Task prompt:
Among the entries below, one line contains "(alpha beta : nat -> R) (Kstar : nat)" and another contains "opnorm (A21 s)". Transcribe those two lines and every line between them, exactly.

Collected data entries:
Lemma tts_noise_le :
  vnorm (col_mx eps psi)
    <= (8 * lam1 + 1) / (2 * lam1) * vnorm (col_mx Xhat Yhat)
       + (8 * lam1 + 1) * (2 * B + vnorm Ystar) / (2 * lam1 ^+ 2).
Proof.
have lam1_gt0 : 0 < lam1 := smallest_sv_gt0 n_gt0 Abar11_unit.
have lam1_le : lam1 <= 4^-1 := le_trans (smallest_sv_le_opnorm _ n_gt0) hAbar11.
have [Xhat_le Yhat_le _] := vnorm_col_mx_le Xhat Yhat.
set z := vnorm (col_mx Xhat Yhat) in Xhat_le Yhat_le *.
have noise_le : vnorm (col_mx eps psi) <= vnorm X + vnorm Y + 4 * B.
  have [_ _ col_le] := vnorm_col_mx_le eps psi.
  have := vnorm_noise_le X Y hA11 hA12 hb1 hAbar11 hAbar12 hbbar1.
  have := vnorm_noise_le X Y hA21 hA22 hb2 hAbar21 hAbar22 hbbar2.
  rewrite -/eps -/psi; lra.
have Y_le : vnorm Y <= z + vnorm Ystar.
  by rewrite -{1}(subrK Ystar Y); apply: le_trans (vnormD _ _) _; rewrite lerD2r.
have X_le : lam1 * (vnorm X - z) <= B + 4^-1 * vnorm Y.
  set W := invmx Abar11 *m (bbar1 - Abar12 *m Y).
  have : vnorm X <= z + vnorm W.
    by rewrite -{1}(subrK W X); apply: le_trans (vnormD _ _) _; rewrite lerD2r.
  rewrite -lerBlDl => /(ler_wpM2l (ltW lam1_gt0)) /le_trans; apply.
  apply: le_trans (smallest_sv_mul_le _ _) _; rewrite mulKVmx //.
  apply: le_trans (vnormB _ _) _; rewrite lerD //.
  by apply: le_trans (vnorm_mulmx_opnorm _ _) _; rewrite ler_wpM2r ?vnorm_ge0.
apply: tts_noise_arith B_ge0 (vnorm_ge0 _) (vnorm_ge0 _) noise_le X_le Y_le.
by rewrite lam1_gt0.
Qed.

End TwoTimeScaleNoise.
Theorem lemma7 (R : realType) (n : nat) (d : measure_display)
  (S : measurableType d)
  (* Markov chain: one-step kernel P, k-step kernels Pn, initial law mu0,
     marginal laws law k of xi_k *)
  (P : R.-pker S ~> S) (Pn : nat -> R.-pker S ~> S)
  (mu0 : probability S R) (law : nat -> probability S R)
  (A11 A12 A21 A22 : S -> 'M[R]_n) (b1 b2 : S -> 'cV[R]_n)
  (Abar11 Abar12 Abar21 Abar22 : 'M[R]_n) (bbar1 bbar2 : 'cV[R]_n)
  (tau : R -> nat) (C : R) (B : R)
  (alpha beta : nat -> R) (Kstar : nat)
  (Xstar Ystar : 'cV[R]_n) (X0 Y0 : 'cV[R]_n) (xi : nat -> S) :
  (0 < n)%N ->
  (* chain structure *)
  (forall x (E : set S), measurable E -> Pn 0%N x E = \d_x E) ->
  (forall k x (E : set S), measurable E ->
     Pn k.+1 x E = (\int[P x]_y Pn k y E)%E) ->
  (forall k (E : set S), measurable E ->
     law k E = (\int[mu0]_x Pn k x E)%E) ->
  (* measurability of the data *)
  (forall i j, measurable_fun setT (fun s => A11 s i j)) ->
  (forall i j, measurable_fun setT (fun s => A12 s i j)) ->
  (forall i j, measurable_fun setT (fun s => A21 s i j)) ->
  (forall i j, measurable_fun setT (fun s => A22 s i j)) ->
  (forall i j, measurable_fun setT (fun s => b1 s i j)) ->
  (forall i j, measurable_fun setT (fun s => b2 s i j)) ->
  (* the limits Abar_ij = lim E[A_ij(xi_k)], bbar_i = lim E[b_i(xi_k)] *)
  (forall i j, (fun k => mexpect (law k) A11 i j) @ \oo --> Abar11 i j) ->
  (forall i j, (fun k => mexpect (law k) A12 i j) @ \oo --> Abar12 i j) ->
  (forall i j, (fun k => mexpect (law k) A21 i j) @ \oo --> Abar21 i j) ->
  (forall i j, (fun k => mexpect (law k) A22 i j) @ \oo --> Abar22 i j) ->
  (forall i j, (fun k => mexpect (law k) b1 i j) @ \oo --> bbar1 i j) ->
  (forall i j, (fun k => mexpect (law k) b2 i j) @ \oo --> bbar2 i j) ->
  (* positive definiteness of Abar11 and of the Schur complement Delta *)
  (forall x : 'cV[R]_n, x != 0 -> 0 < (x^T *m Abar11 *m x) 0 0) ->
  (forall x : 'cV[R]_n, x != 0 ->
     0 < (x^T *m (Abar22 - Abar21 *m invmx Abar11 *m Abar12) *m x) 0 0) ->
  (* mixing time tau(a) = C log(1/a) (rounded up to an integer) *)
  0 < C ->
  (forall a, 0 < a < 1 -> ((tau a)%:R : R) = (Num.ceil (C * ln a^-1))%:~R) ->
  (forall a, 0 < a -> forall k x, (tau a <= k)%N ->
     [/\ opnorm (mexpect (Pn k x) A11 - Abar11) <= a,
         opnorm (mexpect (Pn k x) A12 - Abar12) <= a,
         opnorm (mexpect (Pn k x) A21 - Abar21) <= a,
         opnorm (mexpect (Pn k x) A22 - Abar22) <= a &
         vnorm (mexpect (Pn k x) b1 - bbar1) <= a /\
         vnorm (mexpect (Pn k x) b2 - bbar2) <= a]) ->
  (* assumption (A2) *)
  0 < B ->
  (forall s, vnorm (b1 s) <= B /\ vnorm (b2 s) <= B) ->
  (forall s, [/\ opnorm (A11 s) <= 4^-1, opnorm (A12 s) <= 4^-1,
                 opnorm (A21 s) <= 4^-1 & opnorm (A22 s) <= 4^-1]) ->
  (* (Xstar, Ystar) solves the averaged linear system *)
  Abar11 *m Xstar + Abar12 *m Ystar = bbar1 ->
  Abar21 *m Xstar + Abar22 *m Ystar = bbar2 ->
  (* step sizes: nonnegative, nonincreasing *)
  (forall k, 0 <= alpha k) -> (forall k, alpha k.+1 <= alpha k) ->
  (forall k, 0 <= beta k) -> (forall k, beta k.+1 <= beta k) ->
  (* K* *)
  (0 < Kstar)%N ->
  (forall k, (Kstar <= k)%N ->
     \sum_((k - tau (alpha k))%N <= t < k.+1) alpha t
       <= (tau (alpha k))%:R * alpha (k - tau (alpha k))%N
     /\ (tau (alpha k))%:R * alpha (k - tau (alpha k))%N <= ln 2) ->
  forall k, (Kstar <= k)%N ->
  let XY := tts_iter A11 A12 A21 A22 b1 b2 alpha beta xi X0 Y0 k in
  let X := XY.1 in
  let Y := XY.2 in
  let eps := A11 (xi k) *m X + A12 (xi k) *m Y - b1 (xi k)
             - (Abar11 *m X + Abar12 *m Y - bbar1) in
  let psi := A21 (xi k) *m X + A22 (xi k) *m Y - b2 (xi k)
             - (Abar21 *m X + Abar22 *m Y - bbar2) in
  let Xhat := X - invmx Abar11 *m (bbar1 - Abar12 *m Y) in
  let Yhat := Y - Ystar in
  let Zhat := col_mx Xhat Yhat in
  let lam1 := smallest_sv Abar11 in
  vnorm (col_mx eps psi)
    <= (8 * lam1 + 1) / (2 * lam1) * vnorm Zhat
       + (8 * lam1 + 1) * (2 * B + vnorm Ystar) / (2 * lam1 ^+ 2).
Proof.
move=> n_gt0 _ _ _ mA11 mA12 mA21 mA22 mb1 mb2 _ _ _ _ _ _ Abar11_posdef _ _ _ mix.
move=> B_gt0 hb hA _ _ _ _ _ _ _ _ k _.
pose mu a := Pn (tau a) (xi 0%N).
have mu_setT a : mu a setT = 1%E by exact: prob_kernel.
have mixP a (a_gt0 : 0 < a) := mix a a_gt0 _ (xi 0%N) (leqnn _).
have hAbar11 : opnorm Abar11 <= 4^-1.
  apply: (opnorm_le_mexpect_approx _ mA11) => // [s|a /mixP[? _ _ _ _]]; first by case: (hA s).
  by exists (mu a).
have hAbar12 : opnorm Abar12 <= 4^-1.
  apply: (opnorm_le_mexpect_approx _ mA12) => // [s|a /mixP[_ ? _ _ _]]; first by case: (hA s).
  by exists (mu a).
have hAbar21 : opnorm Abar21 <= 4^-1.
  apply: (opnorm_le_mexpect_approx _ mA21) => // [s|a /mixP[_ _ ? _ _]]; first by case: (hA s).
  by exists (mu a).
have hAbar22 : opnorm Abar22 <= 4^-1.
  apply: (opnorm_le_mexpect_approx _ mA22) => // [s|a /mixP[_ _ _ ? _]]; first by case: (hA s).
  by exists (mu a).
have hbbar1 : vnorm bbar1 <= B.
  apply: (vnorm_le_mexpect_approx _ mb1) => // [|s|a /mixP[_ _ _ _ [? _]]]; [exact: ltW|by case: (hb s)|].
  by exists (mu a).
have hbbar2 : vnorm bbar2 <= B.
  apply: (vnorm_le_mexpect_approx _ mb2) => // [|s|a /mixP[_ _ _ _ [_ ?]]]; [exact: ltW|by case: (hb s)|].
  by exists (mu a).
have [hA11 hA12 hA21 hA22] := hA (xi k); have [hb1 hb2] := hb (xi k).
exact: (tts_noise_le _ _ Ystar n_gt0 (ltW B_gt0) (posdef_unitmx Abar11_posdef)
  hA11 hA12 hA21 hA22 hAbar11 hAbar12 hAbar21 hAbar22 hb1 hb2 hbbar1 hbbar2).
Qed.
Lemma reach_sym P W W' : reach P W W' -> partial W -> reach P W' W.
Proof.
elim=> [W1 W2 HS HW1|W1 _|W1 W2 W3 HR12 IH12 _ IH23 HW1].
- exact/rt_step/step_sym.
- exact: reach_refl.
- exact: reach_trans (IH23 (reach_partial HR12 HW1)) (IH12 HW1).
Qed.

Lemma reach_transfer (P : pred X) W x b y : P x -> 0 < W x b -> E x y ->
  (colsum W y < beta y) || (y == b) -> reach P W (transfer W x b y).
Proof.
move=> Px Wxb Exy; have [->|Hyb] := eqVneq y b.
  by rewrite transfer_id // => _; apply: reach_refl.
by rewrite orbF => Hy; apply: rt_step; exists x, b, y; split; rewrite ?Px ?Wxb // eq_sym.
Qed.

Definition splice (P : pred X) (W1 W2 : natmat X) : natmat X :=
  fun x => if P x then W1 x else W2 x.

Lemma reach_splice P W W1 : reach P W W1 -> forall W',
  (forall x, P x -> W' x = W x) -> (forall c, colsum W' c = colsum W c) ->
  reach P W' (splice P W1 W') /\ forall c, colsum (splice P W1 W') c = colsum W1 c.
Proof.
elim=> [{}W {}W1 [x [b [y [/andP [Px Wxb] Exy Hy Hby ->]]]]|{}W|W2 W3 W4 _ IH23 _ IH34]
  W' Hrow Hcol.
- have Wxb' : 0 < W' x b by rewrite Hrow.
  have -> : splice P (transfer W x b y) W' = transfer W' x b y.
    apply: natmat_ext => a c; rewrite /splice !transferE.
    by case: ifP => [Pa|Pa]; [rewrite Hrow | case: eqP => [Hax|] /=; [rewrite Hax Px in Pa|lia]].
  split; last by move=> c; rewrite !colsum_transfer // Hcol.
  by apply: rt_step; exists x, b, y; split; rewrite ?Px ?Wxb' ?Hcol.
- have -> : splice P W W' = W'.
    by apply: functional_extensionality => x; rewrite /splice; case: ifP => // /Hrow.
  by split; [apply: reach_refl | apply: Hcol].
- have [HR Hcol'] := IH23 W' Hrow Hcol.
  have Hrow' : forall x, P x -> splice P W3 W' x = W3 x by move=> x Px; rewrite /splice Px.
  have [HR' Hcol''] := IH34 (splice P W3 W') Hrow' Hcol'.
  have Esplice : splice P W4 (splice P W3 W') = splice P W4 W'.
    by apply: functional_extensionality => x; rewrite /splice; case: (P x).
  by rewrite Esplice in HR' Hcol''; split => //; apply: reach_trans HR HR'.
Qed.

Response area:
  (alpha beta : nat -> R) (Kstar : nat)
  (Xstar Ystar : 'cV[R]_n) (X0 Y0 : 'cV[R]_n) (xi : nat -> S) :
  (0 < n)%N ->
  (* chain structure *)
  (forall x (E : set S), measurable E -> Pn 0%N x E = \d_x E) ->
  (forall k x (E : set S), measurable E ->
     Pn k.+1 x E = (\int[P x]_y Pn k y E)%E) ->
  (forall k (E : set S), measurable E ->
     law k E = (\int[mu0]_x Pn k x E)%E) ->
  (* measurability of the data *)
  (forall i j, measurable_fun setT (fun s => A11 s i j)) ->
  (forall i j, measurable_fun setT (fun s => A12 s i j)) ->
  (forall i j, measurable_fun setT (fun s => A21 s i j)) ->
  (forall i j, measurable_fun setT (fun s => A22 s i j)) ->
  (forall i j, measurable_fun setT (fun s => b1 s i j)) ->
  (forall i j, measurable_fun setT (fun s => b2 s i j)) ->
  (* the limits Abar_ij = lim E[A_ij(xi_k)], bbar_i = lim E[b_i(xi_k)] *)
  (forall i j, (fun k => mexpect (law k) A11 i j) @ \oo --> Abar11 i j) ->
  (forall i j, (fun k => mexpect (law k) A12 i j) @ \oo --> Abar12 i j) ->
  (forall i j, (fun k => mexpect (law k) A21 i j) @ \oo --> Abar21 i j) ->
  (forall i j, (fun k => mexpect (law k) A22 i j) @ \oo --> Abar22 i j) ->
  (forall i j, (fun k => mexpect (law k) b1 i j) @ \oo --> bbar1 i j) ->
  (forall i j, (fun k => mexpect (law k) b2 i j) @ \oo --> bbar2 i j) ->
  (* positive definiteness of Abar11 and of the Schur complement Delta *)
  (forall x : 'cV[R]_n, x != 0 -> 0 < (x^T *m Abar11 *m x) 0 0) ->
  (forall x : 'cV[R]_n, x != 0 ->
     0 < (x^T *m (Abar22 - Abar21 *m invmx Abar11 *m Abar12) *m x) 0 0) ->
  (* mixing time tau(a) = C log(1/a) (rounded up to an integer) *)
  0 < C ->
  (forall a, 0 < a < 1 -> ((tau a)%:R : R) = (Num.ceil (C * ln a^-1))%:~R) ->
  (forall a, 0 < a -> forall k x, (tau a <= k)%N ->
     [/\ opnorm (mexpect (Pn k x) A11 - Abar11) <= a,
         opnorm (mexpect (Pn k x) A12 - Abar12) <= a,
         opnorm (mexpect (Pn k x) A21 - Abar21) <= a,
         opnorm (mexpect (Pn k x) A22 - Abar22) <= a &
         vnorm (mexpect (Pn k x) b1 - bbar1) <= a /\
         vnorm (mexpect (Pn k x) b2 - bbar2) <= a]) ->
  (* assumption (A2) *)
  0 < B ->
  (forall s, vnorm (b1 s) <= B /\ vnorm (b2 s) <= B) ->
  (forall s, [/\ opnorm (A11 s) <= 4^-1, opnorm (A12 s) <= 4^-1,
                 opnorm (A21 s) <= 4^-1 & opnorm (A22 s) <= 4^-1]) ->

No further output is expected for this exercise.